Vice-president Dew Bad Warrior-Ganje who is involved in all aspects of organizing the powwow said a new addition to this year’s powwow will be Wacipi 101. She described it as an opportunity to build bridges of understanding between all community members. She said a blessing of the new facility conducted by Reverend Gerald Yellow Hawk will take place on October 7 in lieu of the former Sponsorship breakfast.

Community Ambassador Jim Scull of Scull Construction who spoke next said “This is a real blending and melding of cultures. We have a substantial number of Native Americans in this community that are an economic power here. We are starting to realize the value of what we have here and the possibilities.”
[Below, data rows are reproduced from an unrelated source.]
Lemma corner_outside_leaf e l x : e \in C -> e \notin N -> corner N l ->
    symdiff l [set x] \in N -> halfspace N x (x \in l) = [set l] ->
    halfspace C x (x \in l) \subset N ->
  exists2 c, corner C c & c \notin N.
Proof.
move=> eC eN lc lxN NH_l HN; have [lN _] := lc; have lC := subsetP NC l lN.
have lCx : neighbours C l \subset [set x].
  apply/subsetP=> y lyC; rewrite inE in lyC; rewrite inE; apply: contraT => yx.
  have lyH : symdiff l [set y] \in halfspace C x (x \in l).
    by rewrite in_halfspace lyC in_symdiff1 [x == y]eq_sym (negPf yx) addbF eqxx.
  have : symdiff l [set y] \in halfspace N x (x \in l).
    by rewrite in_halfspace (subsetP HN _ lyH); move: lyH; rewrite in_halfspace => /andP [].
  by rewrite NH_l inE (negPf (symdiff1_neq l y)).
have lcC : corner C l.
  by apply: corner_neighbours_le1 lC _; rewrite (leq_trans (subset_leq_card lCx)) ?cards1.
have el : e != l by apply: contraNneq eN => ->.
(* A corner of C :\ l outside N is not adjacent to l, whose only neighbour lies in N,
   hence is a corner of C. *)
have [c cc cNl] : exists2 c, corner (C :\ l) c & c \notin N :\ l.
  apply: IHn.
  - by move: cardC; rewrite (cardsD1 l C) lC add1n ltnS.
  - exact: corner_ample.
  - exact: vc_dim_le2 (subsetDl _ _).
  - exact: corner_ample.
  - exact: leq_trans (vc_dim_subset (subsetDl _ _)) vcN.
  - exact: setSD.
  - by apply/subsetPn; exists e; rewrite !in_setD1 ?el ?eC // negb_and eN orbT.
have [cl cC] : c != l /\ c \in C by apply/setD1P; case: cc.
have cN : c \notin N by apply: contra cNl => cN; rewrite in_setD1 cl.
exists c => //; apply: corner_setD1 cc _; apply/negP => /cards1P [y cly].
have c_ly : c = symdiff l [set y] by rewrite -cly symdiffC symdiffK.
have : y \in neighbours C l by rewrite inE -c_ly.
by move/(subsetP lCx)/set1P => yx; move: cN; rewrite c_ly yx lxN.
Qed.

Lemma corner_outside_nonsingleton e v :
    e \in C -> e \notin N -> v \in N -> ~~ (N \subset [set v]) ->
  exists2 c, corner C c & c \notin N.
Proof.
move=> eC eN vN Nv.
have NpC : N \proper C by rewrite properE NC; apply/subsetPn; exists e.
have [l lc] : exists2 l, corner N l & l \notin [set v].
  apply: IHn (card_proper_lt NpC) aN (leq_trans vcN _) (@ample_set1 v) _ _ Nv => //.
  - by rewrite vc_dim_set1.
  - by rewrite sub1set.
rewrite inE => lv; have [lN _] := lc.
have [x lNx] := corner_neighbours_single aN vcN lc vN lv.
have lxN : symdiff l [set x] \in N by move/setP/(_ x): lNx; rewrite !inE eqxx.
have NH_l : halfspace N x (x \in l) = [set l] by apply: halfspace_leaf; rewrite ?lNx.
have [HN | HN] := boolP (halfspace C x (x \in l) \subset N).
  exact: corner_outside_leaf eC eN lc lxN NH_l HN.
apply: (@corner_outside_halfspace x (x \in l)) => //.
- apply/subsetPn; exists (symdiff l [set x]); first exact: subsetP NC _ lxN.
  by rewrite in_halfspace in_symdiff1 eqxx; case: (x \in l); rewrite andbF.
- move=> f fN fH; have : f \in halfspace N x (x \in l).
    by rewrite in_halfspace fN; move: fH; rewrite in_halfspace => /andP [].
  by rewrite NH_l => /set1P ->; apply: (subsetP NC).
Qed.

Lemma corner_outside_step : ~~ (C \subset N) -> exists2 c, corner C c & c \notin N.
Proof.
move=> CN; have [e eC eN] := subsetPn CN.
have [N0 | [v vN]] := set_0Vmem N.
  have [Ce | /subsetPn [f fC]] := boolP (C \subset [set e]); last first.
    rewrite inE => fe; apply: corner_outside_singleton eC eN fC fe _.
    by rewrite N0 sub0set.
  exists e; last by rewrite N0 inE.
  apply: corner_neighbours_le1 eC _.
  rewrite (_ : neighbours C e = set0) ?cards0 //; apply/setP=> y; rewrite !inE.
  by apply/negP=> /(subsetP Ce)/set1P/eqP; rewrite (negPf (symdiff1_neq e y)).
have [Nv | Nv] := boolP (N \subset [set v]); last exact: corner_outside_nonsingleton eC eN vN Nv.
have ve : v != e by apply: contraNneq eN => <-.
exact: corner_outside_singleton eC eN (subsetP NC v vN) ve Nv.
Qed.

End CornerOutside.

Lemma ample_vc2_corner_outside C N :
    ample C -> vc_dim C <= 2 -> ample N -> vc_dim N <= 1 -> N \subset C ->
  ~~ (C \subset N) -> exists2 c, corner C c & c \notin N.
Proof.
have [n] := ubnP #|C|; elim: n C N => // n IHn C N cardC.
move=> aC vcC aN vcN NC; exact: (corner_outside_step IHn cardC aC vcC aN vcN NC).
Qed.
Scull said the Powwow has come a long way from its humble beginning and has flourished under the leadership of Steven Yellow Hawk. “It’s come along long way from where it was 10 years ago.”

“We want to be number one in the nation and it is absolutely possible,” Scull said, and added that it is all a matter of money: “If our community can get together and raise the funds, we can make this a heck of an event.”

Host for the event, Dan Tribby, General Manager for Prairie Edge, said there are more ways to support the Powwow: “Put people in the seats. I mean they are going to enjoy a wonderful, just wonderful event. Bring your families, bring your co-workers, and bring your aunt that you can’t stand.”

Tribby then presented to the BHPA a check for $20,000 to from the Hildebrand Dakota Charitable Foundation.

Whitney Rencountre, Eyapaha for the social said: “As we talk about financial support tonight, we also talk about building bridges and forming relationships. When we get together like this and visit and talk and gain support it truly makes our community a better place.”